[Data for the task Boundary: Start]

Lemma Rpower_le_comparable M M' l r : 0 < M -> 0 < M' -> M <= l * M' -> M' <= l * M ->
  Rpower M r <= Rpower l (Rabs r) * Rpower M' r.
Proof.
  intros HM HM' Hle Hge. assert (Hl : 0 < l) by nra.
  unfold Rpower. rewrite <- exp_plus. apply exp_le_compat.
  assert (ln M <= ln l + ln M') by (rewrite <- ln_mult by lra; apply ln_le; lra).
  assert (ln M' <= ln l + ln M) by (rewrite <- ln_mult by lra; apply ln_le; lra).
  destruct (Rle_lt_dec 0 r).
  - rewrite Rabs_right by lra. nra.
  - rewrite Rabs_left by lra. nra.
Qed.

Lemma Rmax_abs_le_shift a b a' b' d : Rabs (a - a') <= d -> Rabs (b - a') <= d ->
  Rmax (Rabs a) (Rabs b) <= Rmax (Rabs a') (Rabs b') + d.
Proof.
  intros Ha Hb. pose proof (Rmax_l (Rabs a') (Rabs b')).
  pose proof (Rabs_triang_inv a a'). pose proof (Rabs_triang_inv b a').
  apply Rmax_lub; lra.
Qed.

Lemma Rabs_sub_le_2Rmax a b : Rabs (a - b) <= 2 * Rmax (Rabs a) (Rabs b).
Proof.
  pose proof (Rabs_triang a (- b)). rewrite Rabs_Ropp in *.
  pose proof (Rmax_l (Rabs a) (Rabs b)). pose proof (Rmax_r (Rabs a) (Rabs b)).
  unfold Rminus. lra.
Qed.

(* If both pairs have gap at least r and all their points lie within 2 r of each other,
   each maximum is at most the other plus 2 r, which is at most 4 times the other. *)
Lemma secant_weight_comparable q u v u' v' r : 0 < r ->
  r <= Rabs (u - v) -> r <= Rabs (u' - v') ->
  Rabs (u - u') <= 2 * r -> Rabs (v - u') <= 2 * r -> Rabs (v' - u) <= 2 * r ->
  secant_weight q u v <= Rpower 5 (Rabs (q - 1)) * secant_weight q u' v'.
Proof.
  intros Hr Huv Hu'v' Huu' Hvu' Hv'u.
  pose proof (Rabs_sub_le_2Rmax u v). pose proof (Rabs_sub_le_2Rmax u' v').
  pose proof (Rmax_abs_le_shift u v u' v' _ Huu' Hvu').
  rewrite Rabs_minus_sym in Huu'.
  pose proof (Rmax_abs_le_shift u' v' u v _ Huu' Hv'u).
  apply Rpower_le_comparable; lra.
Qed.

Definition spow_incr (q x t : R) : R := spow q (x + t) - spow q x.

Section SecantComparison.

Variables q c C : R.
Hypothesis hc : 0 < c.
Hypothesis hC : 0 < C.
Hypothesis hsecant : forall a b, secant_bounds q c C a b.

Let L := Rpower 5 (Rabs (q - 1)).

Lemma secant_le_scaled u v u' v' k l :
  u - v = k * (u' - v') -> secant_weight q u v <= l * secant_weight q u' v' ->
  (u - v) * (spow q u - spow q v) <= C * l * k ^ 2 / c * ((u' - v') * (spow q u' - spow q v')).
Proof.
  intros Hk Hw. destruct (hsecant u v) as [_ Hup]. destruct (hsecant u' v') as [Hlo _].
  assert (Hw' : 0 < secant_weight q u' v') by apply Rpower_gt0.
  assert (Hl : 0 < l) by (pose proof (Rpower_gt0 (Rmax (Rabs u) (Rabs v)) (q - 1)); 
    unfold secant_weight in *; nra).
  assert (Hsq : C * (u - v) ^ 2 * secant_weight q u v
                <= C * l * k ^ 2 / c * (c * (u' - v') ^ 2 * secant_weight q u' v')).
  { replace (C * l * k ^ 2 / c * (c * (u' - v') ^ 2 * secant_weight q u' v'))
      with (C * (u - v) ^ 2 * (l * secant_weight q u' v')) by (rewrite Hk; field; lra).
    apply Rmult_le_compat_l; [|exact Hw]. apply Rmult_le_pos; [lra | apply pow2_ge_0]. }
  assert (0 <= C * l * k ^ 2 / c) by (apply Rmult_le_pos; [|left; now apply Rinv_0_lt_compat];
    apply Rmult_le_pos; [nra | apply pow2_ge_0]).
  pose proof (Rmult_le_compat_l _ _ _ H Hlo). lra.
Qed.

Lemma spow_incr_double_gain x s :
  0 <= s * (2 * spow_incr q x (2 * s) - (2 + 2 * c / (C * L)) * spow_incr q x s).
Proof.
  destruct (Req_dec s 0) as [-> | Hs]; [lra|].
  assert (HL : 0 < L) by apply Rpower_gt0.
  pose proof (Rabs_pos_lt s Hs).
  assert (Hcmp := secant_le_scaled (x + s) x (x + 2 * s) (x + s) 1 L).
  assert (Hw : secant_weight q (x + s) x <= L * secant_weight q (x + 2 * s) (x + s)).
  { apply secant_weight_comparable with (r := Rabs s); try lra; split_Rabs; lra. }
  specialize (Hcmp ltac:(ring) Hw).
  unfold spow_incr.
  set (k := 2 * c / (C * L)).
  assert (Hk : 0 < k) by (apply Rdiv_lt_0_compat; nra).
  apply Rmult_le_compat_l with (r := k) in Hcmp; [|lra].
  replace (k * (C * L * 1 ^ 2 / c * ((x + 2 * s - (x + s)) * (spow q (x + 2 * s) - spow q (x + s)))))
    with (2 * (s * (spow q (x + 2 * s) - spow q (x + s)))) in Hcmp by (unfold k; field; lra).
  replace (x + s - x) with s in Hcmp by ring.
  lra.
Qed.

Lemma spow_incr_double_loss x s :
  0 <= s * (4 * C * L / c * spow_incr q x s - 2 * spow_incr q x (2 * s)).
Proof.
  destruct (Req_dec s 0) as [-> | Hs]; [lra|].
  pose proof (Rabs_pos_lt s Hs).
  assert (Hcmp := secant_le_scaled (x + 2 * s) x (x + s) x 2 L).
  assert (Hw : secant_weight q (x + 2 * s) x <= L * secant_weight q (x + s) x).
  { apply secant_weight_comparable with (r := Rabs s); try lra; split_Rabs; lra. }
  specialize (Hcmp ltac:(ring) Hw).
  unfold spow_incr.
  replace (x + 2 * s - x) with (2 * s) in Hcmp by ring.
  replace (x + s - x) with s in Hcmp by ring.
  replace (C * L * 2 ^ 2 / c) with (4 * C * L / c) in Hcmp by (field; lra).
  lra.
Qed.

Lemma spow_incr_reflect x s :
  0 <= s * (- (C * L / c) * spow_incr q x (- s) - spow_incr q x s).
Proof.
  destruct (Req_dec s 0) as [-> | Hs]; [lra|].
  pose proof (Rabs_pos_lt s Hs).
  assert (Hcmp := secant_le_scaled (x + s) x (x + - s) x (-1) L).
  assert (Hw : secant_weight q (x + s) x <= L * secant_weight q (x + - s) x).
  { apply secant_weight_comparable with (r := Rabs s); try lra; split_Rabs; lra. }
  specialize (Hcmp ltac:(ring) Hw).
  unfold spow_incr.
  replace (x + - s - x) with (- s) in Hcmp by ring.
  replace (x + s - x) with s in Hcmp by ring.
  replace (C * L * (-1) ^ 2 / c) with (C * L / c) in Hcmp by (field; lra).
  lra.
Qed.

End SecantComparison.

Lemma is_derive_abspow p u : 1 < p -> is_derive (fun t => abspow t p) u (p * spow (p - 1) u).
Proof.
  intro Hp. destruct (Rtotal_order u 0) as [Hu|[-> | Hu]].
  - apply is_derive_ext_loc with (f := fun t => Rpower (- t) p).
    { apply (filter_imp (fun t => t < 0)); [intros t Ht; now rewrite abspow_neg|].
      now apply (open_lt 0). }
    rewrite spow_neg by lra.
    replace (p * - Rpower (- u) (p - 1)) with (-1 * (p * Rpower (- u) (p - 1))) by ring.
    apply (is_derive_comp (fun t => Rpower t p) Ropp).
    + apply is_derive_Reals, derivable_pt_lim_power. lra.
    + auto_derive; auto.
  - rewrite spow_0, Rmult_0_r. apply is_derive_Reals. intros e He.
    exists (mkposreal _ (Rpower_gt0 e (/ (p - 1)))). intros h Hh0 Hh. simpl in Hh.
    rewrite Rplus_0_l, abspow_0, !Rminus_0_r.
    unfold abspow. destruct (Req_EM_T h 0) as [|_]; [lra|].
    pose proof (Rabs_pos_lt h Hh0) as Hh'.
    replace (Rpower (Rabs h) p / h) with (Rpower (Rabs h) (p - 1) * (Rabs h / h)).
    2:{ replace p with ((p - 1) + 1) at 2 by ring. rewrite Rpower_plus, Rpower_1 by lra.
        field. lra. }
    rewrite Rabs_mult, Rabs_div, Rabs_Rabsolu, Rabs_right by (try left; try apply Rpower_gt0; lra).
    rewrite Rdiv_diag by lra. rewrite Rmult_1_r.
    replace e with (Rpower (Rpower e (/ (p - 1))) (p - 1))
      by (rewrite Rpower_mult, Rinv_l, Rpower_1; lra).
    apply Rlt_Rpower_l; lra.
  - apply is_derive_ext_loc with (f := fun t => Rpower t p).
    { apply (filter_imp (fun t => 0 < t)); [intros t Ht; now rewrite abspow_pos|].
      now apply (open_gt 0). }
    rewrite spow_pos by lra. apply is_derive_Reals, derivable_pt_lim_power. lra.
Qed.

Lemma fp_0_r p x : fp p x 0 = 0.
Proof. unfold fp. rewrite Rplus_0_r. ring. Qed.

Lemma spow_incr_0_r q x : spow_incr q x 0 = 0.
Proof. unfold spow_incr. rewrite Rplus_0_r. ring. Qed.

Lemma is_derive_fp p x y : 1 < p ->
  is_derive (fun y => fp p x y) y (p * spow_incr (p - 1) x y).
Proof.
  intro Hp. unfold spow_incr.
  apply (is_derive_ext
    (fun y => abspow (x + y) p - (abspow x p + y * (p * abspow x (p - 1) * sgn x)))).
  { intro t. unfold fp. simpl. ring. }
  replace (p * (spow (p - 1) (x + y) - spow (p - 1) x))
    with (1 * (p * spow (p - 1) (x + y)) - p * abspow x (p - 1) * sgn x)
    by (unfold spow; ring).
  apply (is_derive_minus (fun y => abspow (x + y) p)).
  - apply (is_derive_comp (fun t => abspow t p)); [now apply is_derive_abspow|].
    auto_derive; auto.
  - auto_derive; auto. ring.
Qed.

[Data for the task Boundary: End]
[Data for the task Boundary: Start]

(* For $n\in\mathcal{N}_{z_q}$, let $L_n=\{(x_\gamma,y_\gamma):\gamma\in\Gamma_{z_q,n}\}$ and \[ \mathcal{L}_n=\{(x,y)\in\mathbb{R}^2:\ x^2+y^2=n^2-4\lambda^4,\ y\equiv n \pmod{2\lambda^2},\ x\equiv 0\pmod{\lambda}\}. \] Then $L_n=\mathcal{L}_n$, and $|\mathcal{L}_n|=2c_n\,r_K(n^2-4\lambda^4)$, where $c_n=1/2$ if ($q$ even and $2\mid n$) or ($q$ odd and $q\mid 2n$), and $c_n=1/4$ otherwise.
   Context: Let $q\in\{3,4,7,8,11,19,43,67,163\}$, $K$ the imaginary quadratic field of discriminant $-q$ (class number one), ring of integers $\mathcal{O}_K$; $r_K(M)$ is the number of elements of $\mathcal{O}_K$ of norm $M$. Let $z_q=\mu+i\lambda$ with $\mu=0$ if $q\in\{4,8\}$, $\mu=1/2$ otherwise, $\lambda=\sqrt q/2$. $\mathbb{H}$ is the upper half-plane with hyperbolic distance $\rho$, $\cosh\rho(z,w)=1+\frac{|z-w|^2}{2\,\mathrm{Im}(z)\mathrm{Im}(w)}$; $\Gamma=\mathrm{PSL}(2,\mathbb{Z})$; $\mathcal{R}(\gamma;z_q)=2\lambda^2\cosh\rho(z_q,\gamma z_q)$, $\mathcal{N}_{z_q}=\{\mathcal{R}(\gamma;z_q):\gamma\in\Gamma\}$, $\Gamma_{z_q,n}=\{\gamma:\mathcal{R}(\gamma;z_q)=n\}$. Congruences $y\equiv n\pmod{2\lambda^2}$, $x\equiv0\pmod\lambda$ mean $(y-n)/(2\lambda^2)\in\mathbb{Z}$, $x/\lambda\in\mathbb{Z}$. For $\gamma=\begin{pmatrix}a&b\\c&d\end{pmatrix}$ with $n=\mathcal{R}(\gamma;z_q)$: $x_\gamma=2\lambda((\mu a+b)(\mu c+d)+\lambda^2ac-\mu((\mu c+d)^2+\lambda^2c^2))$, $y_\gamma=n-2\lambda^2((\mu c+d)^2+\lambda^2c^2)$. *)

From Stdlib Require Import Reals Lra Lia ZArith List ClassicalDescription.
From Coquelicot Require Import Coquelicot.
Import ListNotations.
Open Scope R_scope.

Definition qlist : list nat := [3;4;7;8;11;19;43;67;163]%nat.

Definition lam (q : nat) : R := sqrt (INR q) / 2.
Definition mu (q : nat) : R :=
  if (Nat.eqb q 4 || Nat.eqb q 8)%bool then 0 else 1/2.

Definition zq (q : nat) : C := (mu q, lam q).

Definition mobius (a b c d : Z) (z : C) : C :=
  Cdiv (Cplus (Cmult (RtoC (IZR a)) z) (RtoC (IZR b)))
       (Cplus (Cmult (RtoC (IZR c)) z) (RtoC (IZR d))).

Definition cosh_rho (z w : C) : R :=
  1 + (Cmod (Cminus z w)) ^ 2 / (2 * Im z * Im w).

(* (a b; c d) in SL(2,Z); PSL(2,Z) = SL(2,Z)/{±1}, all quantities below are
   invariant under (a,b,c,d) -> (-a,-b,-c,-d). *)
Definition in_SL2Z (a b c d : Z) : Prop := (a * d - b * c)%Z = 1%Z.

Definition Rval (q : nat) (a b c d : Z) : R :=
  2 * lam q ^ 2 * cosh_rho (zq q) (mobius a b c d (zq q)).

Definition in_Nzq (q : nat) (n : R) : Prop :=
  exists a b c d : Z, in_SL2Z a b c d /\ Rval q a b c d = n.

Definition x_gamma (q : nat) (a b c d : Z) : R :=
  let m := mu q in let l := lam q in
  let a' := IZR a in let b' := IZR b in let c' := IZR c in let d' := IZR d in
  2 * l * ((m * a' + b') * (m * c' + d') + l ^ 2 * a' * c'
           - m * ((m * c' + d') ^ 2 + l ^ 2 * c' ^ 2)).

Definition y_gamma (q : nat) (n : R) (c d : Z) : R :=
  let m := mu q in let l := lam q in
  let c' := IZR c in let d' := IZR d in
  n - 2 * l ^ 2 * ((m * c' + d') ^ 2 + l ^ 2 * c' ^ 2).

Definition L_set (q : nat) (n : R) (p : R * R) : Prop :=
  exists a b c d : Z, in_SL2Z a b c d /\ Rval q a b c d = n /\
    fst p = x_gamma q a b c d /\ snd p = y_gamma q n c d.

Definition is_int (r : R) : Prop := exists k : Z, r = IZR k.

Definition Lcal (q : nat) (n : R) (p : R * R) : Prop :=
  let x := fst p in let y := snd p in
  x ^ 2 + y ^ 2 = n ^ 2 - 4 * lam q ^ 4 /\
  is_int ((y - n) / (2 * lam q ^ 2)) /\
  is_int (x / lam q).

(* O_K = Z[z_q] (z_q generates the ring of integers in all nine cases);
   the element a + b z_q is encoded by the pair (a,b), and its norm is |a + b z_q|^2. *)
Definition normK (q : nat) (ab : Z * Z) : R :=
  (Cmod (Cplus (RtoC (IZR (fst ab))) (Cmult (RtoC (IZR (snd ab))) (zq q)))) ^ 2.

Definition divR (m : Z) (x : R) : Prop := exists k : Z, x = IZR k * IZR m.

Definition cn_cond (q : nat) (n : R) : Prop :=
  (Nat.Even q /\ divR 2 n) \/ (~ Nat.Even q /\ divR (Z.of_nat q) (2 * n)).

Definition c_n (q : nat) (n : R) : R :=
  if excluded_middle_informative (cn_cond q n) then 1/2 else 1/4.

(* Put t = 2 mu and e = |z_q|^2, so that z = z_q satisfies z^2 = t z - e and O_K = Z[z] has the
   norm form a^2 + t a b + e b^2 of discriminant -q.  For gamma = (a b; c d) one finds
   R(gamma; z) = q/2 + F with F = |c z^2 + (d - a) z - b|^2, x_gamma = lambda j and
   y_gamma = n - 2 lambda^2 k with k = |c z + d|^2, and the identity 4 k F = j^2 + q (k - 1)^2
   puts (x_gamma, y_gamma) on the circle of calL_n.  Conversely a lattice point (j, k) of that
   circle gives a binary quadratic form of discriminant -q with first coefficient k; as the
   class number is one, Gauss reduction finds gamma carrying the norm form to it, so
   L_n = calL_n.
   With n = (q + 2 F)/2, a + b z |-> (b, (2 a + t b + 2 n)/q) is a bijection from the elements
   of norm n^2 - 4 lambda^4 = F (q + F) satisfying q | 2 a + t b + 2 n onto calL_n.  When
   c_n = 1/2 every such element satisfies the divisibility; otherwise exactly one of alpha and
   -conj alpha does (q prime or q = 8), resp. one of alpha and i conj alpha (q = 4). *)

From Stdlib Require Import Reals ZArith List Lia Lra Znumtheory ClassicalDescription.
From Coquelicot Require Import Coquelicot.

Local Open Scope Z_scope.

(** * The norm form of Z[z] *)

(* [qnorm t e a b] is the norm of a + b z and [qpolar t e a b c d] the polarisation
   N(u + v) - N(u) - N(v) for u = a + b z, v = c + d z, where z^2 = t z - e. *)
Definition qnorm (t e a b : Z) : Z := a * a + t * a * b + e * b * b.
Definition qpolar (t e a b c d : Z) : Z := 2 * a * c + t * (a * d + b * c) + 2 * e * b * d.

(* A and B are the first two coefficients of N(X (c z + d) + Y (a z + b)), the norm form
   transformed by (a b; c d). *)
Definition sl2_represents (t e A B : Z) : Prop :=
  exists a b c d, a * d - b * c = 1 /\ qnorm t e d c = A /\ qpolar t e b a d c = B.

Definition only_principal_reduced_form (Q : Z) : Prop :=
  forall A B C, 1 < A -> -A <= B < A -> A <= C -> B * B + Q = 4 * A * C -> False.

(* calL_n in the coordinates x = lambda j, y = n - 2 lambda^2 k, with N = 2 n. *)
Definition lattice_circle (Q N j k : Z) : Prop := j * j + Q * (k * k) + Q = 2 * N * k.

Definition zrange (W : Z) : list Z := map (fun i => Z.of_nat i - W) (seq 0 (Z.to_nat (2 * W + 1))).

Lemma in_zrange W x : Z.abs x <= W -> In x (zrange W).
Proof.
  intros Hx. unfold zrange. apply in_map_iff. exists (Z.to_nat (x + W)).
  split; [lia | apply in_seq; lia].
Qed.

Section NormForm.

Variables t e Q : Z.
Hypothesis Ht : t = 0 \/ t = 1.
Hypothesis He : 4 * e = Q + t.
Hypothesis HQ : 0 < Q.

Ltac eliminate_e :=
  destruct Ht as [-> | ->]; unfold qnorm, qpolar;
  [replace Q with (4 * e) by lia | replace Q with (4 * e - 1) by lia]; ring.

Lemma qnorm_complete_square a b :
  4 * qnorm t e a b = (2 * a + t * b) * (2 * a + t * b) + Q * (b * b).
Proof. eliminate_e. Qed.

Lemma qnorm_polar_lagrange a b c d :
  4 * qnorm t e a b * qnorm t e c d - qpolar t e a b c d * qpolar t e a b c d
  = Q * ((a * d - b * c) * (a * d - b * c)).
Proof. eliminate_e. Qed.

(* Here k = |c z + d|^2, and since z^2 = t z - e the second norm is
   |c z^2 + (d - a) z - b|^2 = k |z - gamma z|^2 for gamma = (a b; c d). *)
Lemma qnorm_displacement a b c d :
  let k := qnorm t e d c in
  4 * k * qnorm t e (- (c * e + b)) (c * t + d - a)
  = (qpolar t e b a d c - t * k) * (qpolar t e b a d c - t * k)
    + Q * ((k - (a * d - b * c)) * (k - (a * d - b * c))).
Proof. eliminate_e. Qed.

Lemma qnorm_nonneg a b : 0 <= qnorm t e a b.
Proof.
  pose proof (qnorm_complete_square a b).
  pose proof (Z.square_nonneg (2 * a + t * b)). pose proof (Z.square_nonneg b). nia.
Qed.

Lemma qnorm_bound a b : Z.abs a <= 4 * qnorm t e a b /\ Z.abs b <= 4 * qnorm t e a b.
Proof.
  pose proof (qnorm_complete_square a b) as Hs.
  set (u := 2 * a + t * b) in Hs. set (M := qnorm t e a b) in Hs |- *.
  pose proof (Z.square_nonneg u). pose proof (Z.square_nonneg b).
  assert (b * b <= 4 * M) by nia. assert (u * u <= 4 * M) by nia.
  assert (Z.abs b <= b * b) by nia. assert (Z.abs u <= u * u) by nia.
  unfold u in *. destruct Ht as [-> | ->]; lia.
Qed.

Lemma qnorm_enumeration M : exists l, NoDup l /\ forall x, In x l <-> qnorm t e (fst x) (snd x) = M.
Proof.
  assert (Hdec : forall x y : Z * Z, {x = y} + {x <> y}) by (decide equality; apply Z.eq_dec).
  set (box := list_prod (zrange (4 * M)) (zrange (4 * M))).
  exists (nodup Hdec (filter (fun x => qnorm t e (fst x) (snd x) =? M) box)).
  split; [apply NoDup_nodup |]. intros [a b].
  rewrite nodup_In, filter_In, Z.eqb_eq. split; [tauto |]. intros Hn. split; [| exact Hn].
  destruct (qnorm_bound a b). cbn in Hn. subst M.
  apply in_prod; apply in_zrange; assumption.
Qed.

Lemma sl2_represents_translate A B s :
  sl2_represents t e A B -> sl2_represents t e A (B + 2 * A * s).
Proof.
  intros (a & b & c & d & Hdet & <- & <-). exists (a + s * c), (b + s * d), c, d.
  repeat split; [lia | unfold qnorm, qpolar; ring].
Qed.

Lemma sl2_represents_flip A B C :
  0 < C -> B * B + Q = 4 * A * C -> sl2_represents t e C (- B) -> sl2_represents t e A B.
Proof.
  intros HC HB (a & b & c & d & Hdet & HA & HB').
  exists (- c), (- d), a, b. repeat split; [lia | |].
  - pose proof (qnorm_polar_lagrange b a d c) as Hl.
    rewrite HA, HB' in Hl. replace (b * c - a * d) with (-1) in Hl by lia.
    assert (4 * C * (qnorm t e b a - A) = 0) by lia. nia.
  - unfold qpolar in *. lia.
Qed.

[Data for the task Boundary: End]
[Data for the task Boundary: Start]

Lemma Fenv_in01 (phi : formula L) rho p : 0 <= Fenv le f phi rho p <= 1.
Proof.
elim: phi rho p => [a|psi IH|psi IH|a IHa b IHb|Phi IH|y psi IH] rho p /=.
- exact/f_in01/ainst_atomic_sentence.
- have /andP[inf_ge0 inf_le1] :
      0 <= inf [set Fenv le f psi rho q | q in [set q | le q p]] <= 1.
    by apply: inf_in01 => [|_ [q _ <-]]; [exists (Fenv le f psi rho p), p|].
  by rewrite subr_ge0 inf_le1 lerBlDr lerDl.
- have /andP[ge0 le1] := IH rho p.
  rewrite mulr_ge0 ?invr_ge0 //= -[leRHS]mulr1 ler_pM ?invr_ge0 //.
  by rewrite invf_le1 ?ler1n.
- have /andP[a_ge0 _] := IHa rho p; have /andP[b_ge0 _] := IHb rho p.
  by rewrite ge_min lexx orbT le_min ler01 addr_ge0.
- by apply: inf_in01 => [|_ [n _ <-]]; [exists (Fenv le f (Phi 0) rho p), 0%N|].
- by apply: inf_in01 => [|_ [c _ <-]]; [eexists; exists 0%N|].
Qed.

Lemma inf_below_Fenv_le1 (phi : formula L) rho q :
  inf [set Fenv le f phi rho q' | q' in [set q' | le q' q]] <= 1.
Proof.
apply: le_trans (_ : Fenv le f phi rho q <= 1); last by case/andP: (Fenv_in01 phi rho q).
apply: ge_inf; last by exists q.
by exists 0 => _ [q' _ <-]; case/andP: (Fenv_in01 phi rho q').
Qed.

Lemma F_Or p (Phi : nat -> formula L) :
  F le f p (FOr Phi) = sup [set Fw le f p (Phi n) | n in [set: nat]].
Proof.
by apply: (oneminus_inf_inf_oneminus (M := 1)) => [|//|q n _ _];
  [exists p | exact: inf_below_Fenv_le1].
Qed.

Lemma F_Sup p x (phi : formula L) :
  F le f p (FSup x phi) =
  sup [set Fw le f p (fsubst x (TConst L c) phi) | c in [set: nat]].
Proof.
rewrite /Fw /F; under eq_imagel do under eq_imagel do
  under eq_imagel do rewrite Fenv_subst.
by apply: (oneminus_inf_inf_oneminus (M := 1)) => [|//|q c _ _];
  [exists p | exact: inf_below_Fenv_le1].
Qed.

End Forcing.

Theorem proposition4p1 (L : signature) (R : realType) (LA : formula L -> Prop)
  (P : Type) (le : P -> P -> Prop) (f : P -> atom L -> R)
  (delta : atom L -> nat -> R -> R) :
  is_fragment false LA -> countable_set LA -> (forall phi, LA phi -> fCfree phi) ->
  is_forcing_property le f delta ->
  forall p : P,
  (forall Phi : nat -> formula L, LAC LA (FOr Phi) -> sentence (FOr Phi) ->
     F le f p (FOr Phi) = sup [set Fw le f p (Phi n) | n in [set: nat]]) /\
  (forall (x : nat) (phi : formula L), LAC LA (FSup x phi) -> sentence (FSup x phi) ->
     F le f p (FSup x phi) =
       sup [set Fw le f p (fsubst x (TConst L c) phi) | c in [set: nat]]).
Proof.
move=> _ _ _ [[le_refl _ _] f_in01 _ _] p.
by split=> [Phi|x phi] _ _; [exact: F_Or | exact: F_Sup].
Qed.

[Data for the task Boundary: End]

## Task details:
Across all lines of the data above, count those that contain the word "Cmult", giving the number without further comment.

## Answer box:
3